Abstract

The current emergency medicine literature on cardioversion for atrial fibrillation (AF) describes its performance on those who are hemodynamically unstable, present within 48hours of the onset of the arrhythmia, or are on long-term anticoagulants. For patients who are not anticoagulated and present with atrial fibrillation for more than 48hours, one option is to perform a transesophageal echocardiogram and then synchronized cardioversion in the absence of atrial clot. The objective of this study is to compare outcomes of patients presenting to the emergency department (ED) with atrial fibrillation (AF) of more than 48hours who underwent a transesophageal echocardiogram (TEE) and subsequent cardioversion in the ED versus the cardiology ward. This was a retrospective comparison study of patients who presented to the ED with AF for more than 48hours, underwent a transesophageal echocardiogram, and then were electrically cardioverted either in the emergency department or in the cardiology ward. Outcomes include: time to cardioversion, length of hospital stay, rate of successful cardioversion, and rate of complications. Electrical cardioversion was performed in the ED on 94 patients (62%) and the cardiology ward on 57 (38%).

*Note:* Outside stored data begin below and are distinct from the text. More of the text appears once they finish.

Lemma horner_mx_eigen (R : comNzRingType) n (A : 'M[R]_n.+1) (w : 'rV_n.+1) l q :
  w *m A = l *: w -> w *m horner_mx A q = q.[l] *: w.
Proof.
move=> wA; elim/poly_ind: q => [|q c IHq].
  by rewrite rmorph0 mulmx0 horner0 scale0r.
rewrite rmorphD rmorphM /= horner_mx_X horner_mx_C mulmxDr -mulmxE mulmxA IHq.
by rewrite -scalemxAl wA scalerA mul_mx_scalar !hornerE scalerDl.
Qed.

Lemma mulmx_horner_intertwine (R : comNzRingType) m n
    (A : 'M[R]_n.+1) (B : 'M[R]_m.+1) E p :
  E *m A = B *m E -> E *m horner_mx A p = horner_mx B p *m E.
Proof.
move=> EA; elim/poly_ind: p => [|p c IHp]; first by rewrite !rmorph0 mulmx0 mul0mx.
rewrite !rmorphD !rmorphM /= !horner_mx_X !horner_mx_C mulmxDr mulmxDl -!mulmxE.
by rewrite mulmxA IHp -!mulmxA EA mul_mx_scalar mul_scalar_mx.
Qed.

Lemma mulmx_exp_intertwine (R : pzRingType) m n (A : 'M[R]_n) (B : 'M[R]_m) E t :
  E *m A = B *m E -> E *m A ^+ t = B ^+ t *m E.
Proof.
move=> EA; elim: t => [|t IHt]; first by rewrite !expr0 mulmx1 mul1mx.
by rewrite !exprSr -!mulmxE mulmxA IHt -mulmxA EA mulmxA.
Qed.

Lemma sumr_exp_root_unity (R : idomainType) (x : R) m :
  x ^+ m = 1 -> x != 1 -> \sum_(a < m) x ^+ a = 0.
Proof.
move=> xm x_neq1; apply/eqP; have := subrX1 x m; rewrite xm subrr => /esym/eqP.
by rewrite mulf_eq0 subr_eq0 (negbTE x_neq1).
Qed.

Lemma sumr_periodic_shift (V : zmodType) m (F : nat -> V) :
  F m = F 0%N -> \sum_(t < m) F t.+1 = \sum_(t < m) F t.
Proof.
move=> Fm; have recl : \sum_(t < m.+1) F t = F 0%N + \sum_(t < m) F t.+1.
  exact: big_ord_recl.
apply: (addIr (F 0%N)); rewrite addrC -recl -[in RHS]Fm.
exact: big_ord_recr.
Qed.

Section EigenProjection.

Variables (F : fieldType) (n : nat) (A : 'M[F]_n) (m : nat).

Definition eigenproj (l : F) (v : 'rV[F]_n) : 'rV[F]_n :=
  m%:R^-1 *: \sum_(t < m) l ^- t *: (v *m A ^+ t).
Lemma eig_diag_dist i : `|mu i - qre (D (s i) (s i))| <= offmax D * (n%:R - 1).
Proof.
have card_perm (P : pred 'I_n) : #|s @: [set j | P j]| = #|[set j | P j]|.
  exact/card_imset/perm_inj.
rewrite ler_norml; apply/andP; split.
  rewrite lerNl opprB; apply: (diag_sub_eig_le (X := [set j : 'I_n | (i <= j)%N])
    (Y := s @: [set j : 'I_n | (j <= i)%N])).
  - by rewrite card_perm addnC card_le_ge.
  - by move=> j; rewrite inE; apply: mu_sorted.
  - by move=> x /imsetP[j]; rewrite inE => ji ->; apply: D_sorted.
apply: (eig_sub_diag_le (X := [set j : 'I_n | (j <= i)%N])
  (Y := s @: [set j : 'I_n | (i <= j)%N])).
- by rewrite card_perm card_le_ge.
- by move=> j; rewrite inE; apply: mu_sorted.
- by move=> x /imsetP[j]; rewrite inE => ij ->; apply: D_sorted.
Qed.
End EigenvalueComparison.

Unset Implicit Arguments.

Theorem theorem3p6 (R : realType) (n : nat) (Q : dqmx R n) (eps : R) :
  (2 <= n)%N -> dqhermitian Q -> 0 < eps ->
  exists N : nat, (0 < N)%N /\
  forall Qs : nat -> dqmx R n, alg1_run Q eps Qs ->
  exists T : nat, (T <= N)%N /\
    (forall t : nat, (t < T)%N -> eps <= offmax (dst (Qs t))) /\
    offmax (dst (Qs T)) < eps /\
    forall (mu : 'I_n -> R) (s : 'S_n),
      (forall i j : 'I_n, (i <= j)%N -> mu j <= mu i) ->
      qeigenvalues (dst Q) mu ->
      (forall i j : 'I_n, (i <= j)%N ->
         qre (dst (Qs T) (s j) (s j)) <= qre (dst (Qs T) (s i) (s i))) ->
      \big[Num.max/0]_(i < n) `|mu i - qre (dst (Qs T) (s i) (s i))|
        < Num.sqrt (n%:R * (n%:R - 1)) * eps.
Proof.
move=> n2 /(congr1 (@dst R n)) herm eps_gt0; exists (alg1_bound Q eps); split=> // Qs run.
have [T [TN running stopT]] := alg1_run_stops herm eps_gt0 run.
exists T; do 3!split=> //; move=> mu s mu_sorted [U [/qunitaryE U1 Umu]] D_sorted.
have [[V V1 DT] _] := alg1_run_invariant herm eps_gt0 run running.
rewrite !qmxmulE in Umu; rewrite DT in stopT D_sorted *.
have hermD := qhermitian_conj V herm.
have offmax_lt := mul_predn_lt_sqrt n2 (offmax_ge0 _) stopT.
apply/bigmax_ltP; split=> [|i _]; last first.
  exact: le_lt_trans (eig_diag_dist U1 V1 Umu hermD mu_sorted D_sorted i) offmax_lt.
by apply: le_lt_trans offmax_lt; rewrite mulr_ge0 ?offmax_ge0 // subr_ge0 ler1n ltnW.
Qed.
(* Consider a duopoly in which sellers have qualities $q_1>q_2$ and each customer is either of BICA type or of greedy type, all customers having a common willingness-to-pay distribution (independent of type) with a monotone hazard rate. If strictly more than half of the customer population is of BICA type, then seller $1$ gradient-dominates seller $2$, and there exists a local Nash equilibrium $\mathbf p^*$ with $p_1^*>p_2^*$.
   Context: Two sellers $1,2$ each sell one item at prices $p_1,p_2\in[0,\bar v]$; a unit mass of customers, each with willingness-to-pay $w_c$ drawn from a common distribution with CDF $F$ and Lipschitz continuous density $f$ on $[0,\bar v]$. A BICA customer considers the sellers with price at most $w_c$ and buys the highest-quality one among them (breaking quality ties by lower price, then arbitrarily). A greedy customer considers the sellers with price at most $w_c$ and buys the cheapest one (breaking price ties by quality, then arbitrarily). Customers with no seller priced at most $w_c$ buy nothing. $R_i(\mathbf p)$ is seller $i$'s expected revenue, $g_i(p_i,p_{-i})=\partial R_i/\partial p_i$. Seller $1$ gradient-dominates seller $2$ if for all $p\in(0,\bar v)$, $g_1(p_1=p,p_2=0)>\lim_{q\uparrow p}g_2(p_1=p,p_2=q)$. Local Nash equilibrium (LNE): $\mathbf p$ such that there exist open neighborhoods $\mathcal U_i\ni p_i$ with $p_i\in\arg\max_{p\in\overline{\mathcal U_i}}R_i(p,p_{-i})$ for $i=1,2$. Monotone hazard rate: $f(p)/(1-F(p))$ non-decreasing. *)

From Stdlib Require Import Reals Lra.
From Coquelicot Require Import Coquelicot.
Open Scope R_scope.

Inductive seller := Seller1 | Seller2.

(** A BICA customer with willingness-to-pay [w] considers the sellers priced
    at most [w] and buys the highest-quality one; quality ties are broken by
    lower price, then arbitrarily (here: seller 1; this case only arises when
    [q1 = q2]). *)
Definition bica_choice (q1 q2 p1 p2 w : R) : option seller :=
  match Rle_dec p1 w, Rle_dec p2 w with
  | left _, left _ =>
      if Rlt_dec q2 q1 then Some Seller1
      else if Rlt_dec q1 q2 then Some Seller2
      else if Rlt_dec p1 p2 then Some Seller1
      else if Rlt_dec p2 p1 then Some Seller2
      else Some Seller1
  | left _, right _ => Some Seller1
  | right _, left _ => Some Seller2
  | right _, right _ => None
  end.

(** A greedy customer considers the sellers priced at most [w] and buys the
    cheapest one; price ties are broken by quality, then arbitrarily (here:
    seller 1; only arises when [q1 = q2]). *)
Definition greedy_choice (q1 q2 p1 p2 w : R) : option seller :=
  match Rle_dec p1 w, Rle_dec p2 w with
  | left _, left _ =>
      if Rlt_dec p1 p2 then Some Seller1
      else if Rlt_dec p2 p1 then Some Seller2
      else if Rlt_dec q2 q1 then Some Seller1
      else if Rlt_dec q1 q2 then Some Seller2
      else Some Seller1
  | left _, right _ => Some Seller1
  | right _, left _ => Some Seller2
  | right _, right _ => None
  end.

Definition buys (c : option seller) (i : seller) : R :=
  match c, i with
  | Some Seller1, Seller1 => 1
  | Some Seller2, Seller2 => 1
  | _, _ => 0
  end.

Definition price (p1 p2 : R) (i : seller) : R :=
  match i with Seller1 => p1 | Seller2 => p2 end.

Definition cdf (f : R -> R) (x : R) : R := RInt f 0 x.

(** Expected revenue of seller [i] at prices [(p1,p2)]: a unit mass of
    customers, a fraction [alpha] of BICA type and [1 - alpha] of greedy type,
    willingness-to-pay with density [f] on [0, vbar] (independent of type). *)
Definition revenue (q1 q2 alpha vbar : R) (f : R -> R) (i : seller)
    (p1 p2 : R) : R :=
  price p1 p2 i *
    (alpha * RInt (fun w => f w * buys (bica_choice q1 q2 p1 p2 w) i) 0 vbar
     + (1 - alpha) *
         RInt (fun w => f w * buys (greedy_choice q1 q2 p1 p2 w) i) 0 vbar).

(** Seller 1 gradient-dominates seller 2:
    for all p in (0, vbar), g_1(p1 = p, p2 = 0) > lim_{q -> p^-} g_2(p1 = p, p2 = q),
    where g_i is the partial derivative of R_i in p_i (the limit is required
    to exist). [R1], [R2] take the prices in the order (p1, p2). *)
Definition gradient_dominates (R1 R2 : R -> R -> R) (vbar : R) : Prop :=
  forall p, 0 < p < vbar ->
    exists L : R,
      filterlim (fun q => Derive (fun y => R2 p y) q) (at_left p) (locally L)
      /\ Derive (fun x => R1 x 0) p > L.

Definition is_LNE (R1 R2 : R -> R -> R) (vbar p1 p2 : R) : Prop :=
  0 <= p1 <= vbar /\ 0 <= p2 <= vbar /\
  (exists e, 0 < e /\ forall x, 0 <= x <= vbar -> Rabs (x - p1) <= e ->
       R1 x p2 <= R1 p1 p2) /\
  (exists e, 0 < e /\ forall y, 0 <= y <= vbar -> Rabs (y - p2) <= e ->
       R2 p1 y <= R2 p1 p2).

From Stdlib Require Import Reals Lra.
From Coquelicot Require Import Coquelicot.
Open Scope R_scope.

(* When [p2 < p1], seller 1 serves only the BICA customers with [w >= p1] and earns
   [alpha p1 (1 - F p1)], while seller 2 earns [p2 (alpha (F p1 - F p2) + (1 - alpha) (1 - F p2))];
   when [p1 <= p2] seller 2 sells nothing.
   Differentiating, g_1(p, 0) - lim g_2(p, q^-) = (2 alpha - 1)(1 - F p) + (1 - alpha) p f(p) > 0 for
   [alpha > 1/2].  For the equilibrium take [p1] a maximiser of the monopoly revenue [p (1 - F p)]
   on [[0, vbar]]; it is interior, so [p1 f(p1) >= 1 - F(p1)], which makes seller 2's undercutting
   revenue strictly decreasing at [p1]; its maximiser [p2] on [[0, p1]] is thus [< p1], and seller 1
   is locally optimal at [p1] as long as it stays above [p2]. *)

Lemma lipschitz_continuous (g : R -> R) (K : R) :
  (forall x y, Rabs (g x - g y) <= K * Rabs (x - y)) -> forall x, continuous g x.
Proof.
  intros Hg x. apply filterlim_locally. intros eps.
  assert (HK : 0 < Rabs K + 1) by (pose proof (Rabs_pos K); lra).
  assert (Hd : 0 < eps / (Rabs K + 1)) by (apply Rdiv_lt_0_compat; [apply cond_pos | lra]).
  exists (mkposreal _ Hd). intros y Hy.
  change (Rabs (y - x) < eps / (Rabs K + 1)) in Hy.
  change (Rabs (g y - g x) < eps).
  assert (Hyx : Rabs (y - x) * (Rabs K + 1) < eps).
  { apply Rmult_lt_reg_r with (/ (Rabs K + 1)); [apply Rinv_0_lt_compat; lra |].
    rewrite Rmult_assoc, Rinv_r by lra. unfold Rdiv in Hy. lra. }
  pose proof (Hg y x). pose proof (Rle_abs K). pose proof (Rabs_pos (y - x)). nra.
Qed.

Definition clamp (a b x : R) : R := Rmax a (Rmin b x).

Lemma clamp_id a b x : a <= x <= b -> clamp a b x = x.
Proof. intros Hx. unfold clamp, Rmax, Rmin. repeat destruct Rle_dec; lra. Qed.

Lemma clamp_in a b x : a <= b -> a <= clamp a b x <= b.
Proof. intros Hab. unfold clamp, Rmax, Rmin. repeat destruct Rle_dec; lra. Qed.

Lemma clamp_contraction a b x y : Rabs (clamp a b x - clamp a b y) <= Rabs (x - y).
Proof.
  unfold clamp, Rmax, Rmin, Rabs. repeat destruct Rle_dec; repeat destruct Rcase_abs; lra.
Qed.

Lemma lipschitz_on_extension (a b K : R) (g : R -> R) : a <= b ->
  (forall x y, a <= x <= b -> a <= y <= b -> Rabs (g x - g y) <= K * Rabs (x - y)) ->
  exists gc : R -> R, (forall x, continuous gc x) /\ (forall x, a <= x <= b -> g x = gc x).
Proof.
  intros Hab Hg. exists (fun x => g (clamp a b x)). split.
  - apply (lipschitz_continuous _ (Rabs K)). intros x y.
    pose proof (Hg _ _ (clamp_in a b x Hab) (clamp_in a b y Hab)).
    pose proof (clamp_contraction a b x y). pose proof (Rle_abs K).
    pose proof (Rabs_pos K). pose proof (Rabs_pos (clamp a b x - clamp a b y)). nra.
  - intros x Hx. now rewrite clamp_id.
Qed.

Lemma ex_RInt_continuous_everywhere (g : R -> R) a b :
  (forall x, continuous g x) -> ex_RInt g a b.
Proof. intros Hg. apply (@ex_RInt_continuous R_CompleteNormedModule). intros; apply Hg. Qed.

Lemma is_derive_cdf (g : R -> R) x : (forall x, continuous g x) -> is_derive (cdf g) x (g x).
Proof.
  intros Hg. apply (is_derive_RInt (V := R_NormedModule) g (cdf g) 0 x); [| apply Hg].
  apply filter_forall. intros y. apply (RInt_correct (V := R_CompleteNormedModule)).
  now apply ex_RInt_continuous_everywhere.
Qed.

Lemma RInt_null (g : R -> R) a b : a <= b -> (forall w, a < w < b -> g w = 0) ->
  ex_RInt g a b /\ RInt g a b = 0.
Proof.
  intros Hab Hg.
  assert (E : forall x, Rmin a b < x < Rmax a b -> 0 = g x).
  { intros x Hx. rewrite Rmin_left, Rmax_right in Hx by lra. symmetry; apply Hg; lra. }
  split.
  - apply (ex_RInt_ext _ _ _ _ E), ex_RInt_const.
  - rewrite <- (RInt_ext _ _ _ _ E), RInt_const. apply Rmult_0_r.
Qed.

Lemma RInt_density_indicator (f fc ind : R -> R) vbar a b :
  (forall x, continuous fc x) -> (forall x, 0 <= x <= vbar -> f x = fc x) ->
  0 <= a <= b -> b <= vbar ->
  (forall w, 0 < w < vbar -> (a < w < b -> ind w = 1) /\ (w < a \/ b < w -> ind w = 0)) ->
  RInt (fun w => f w * ind w) 0 vbar = cdf fc b - cdf fc a.
Proof.
  intros Hc Hf Ha Hb Hind. set (g := fun w => fc w * ind w).
  rewrite (RInt_ext _ g).
  2:{ intros x Hx. rewrite Rmin_left, Rmax_right in Hx by lra. unfold g. rewrite Hf by lra. reflexivity. }
  destruct (RInt_null g 0 a) as [E0a I0a]; [lra | |].
  { intros w Hw. unfold g. rewrite (proj2 (Hind w ltac:(lra))) by lra. apply Rmult_0_r. }
  destruct (RInt_null g b vbar) as [Ebv Ibv]; [lra | |].
  { intros w Hw. unfold g. rewrite (proj2 (Hind w ltac:(lra))) by lra. apply Rmult_0_r. }
  assert (Eab : forall x, Rmin a b < x < Rmax a b -> fc x = g x).
  { intros x Hx. rewrite Rmin_left, Rmax_right in Hx by lra.
    unfold g. rewrite (proj1 (Hind x ltac:(lra))) by lra. ring. }
  assert (Hab : ex_RInt g a b) by (apply (ex_RInt_ext _ _ _ _ Eab), ex_RInt_continuous_everywhere, Hc).
  unfold cdf. rewrite <- (RInt_Chasles fc 0 a b) by now apply ex_RInt_continuous_everywhere.
  rewrite (RInt_ext _ _ _ _ Eab).
  rewrite <- (RInt_Chasles g 0 a vbar), <- (RInt_Chasles g a b vbar); auto.
  - unfold plus; simpl. lra.
  - now apply (ex_RInt_Chasles _ _ b).
Qed.

Lemma increasing_near_pos_derive (g g' : R -> R) x0 :
  (forall x, is_derive g x (g' x)) -> continuous g' x0 -> 0 < g' x0 ->
  exists d, 0 < d /\ forall x y, x0 - d < x -> x < y -> y < x0 + d -> g x < g y.
Proof.
  intros Hd Hc Hpos.
  assert (Hnear : locally x0 (fun y => 0 < g' y)).
  { apply Hc. apply (locally_interval _ _ 0 p_infty); simpl; auto. }
  destruct Hnear as [d Hnear]. exists d. split; [apply cond_pos |].
  intros x y Hx Hxy Hy.
  apply (incr_function g (x0 - d) (x0 + d) g'); simpl; try lra.
  - intros z _ _. apply Hd.
  - intros z Hz1 Hz2. apply Hnear. change (Rabs (z - x0) < d). apply Rabs_def1; lra.
Qed.

Lemma derive_le0_of_max_right (g g' : R -> R) c b :
  (forall x, is_derive g x (g' x)) -> continuous g' c -> c < b ->
  (forall x, c <= x <= b -> g x <= g c) -> g' c <= 0.
Proof.
  intros Hd Hc Hcb Hmax. apply Rnot_lt_le. intros Hpos.
  destruct (increasing_near_pos_derive g g' c Hd Hc Hpos) as [d [Hd0 Hincr]].
  set (y := Rmin b (c + d / 2)).
  assert (Hy : c < y < c + d) by (unfold y, Rmin; destruct Rle_dec; lra).
  pose proof (Hincr c y ltac:(lra) ltac:(lra) ltac:(lra)).
  assert (Hyb : y <= b) by apply Rmin_l.
  pose proof (Hmax y ltac:(lra)). lra.
Qed.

Over 90% of cardioversions were successful in both groups. Time to cardioversion was significantly less in the ED group versus the cardiology group (1.04±0.9days versus 3.81±1.9; P<.001). Similarly, the mean length of hospital stay was less for the ED group (1.6±1.6days versus 7.3±3.5; P<.001). Patients who present in atrial fibrillation for more than 48hours and then have a TEE undergo electrical cardioversion faster in the ED compared with the cardiology ward. This clinical pathway also results in a shorter length of hospital stay without having more side effects.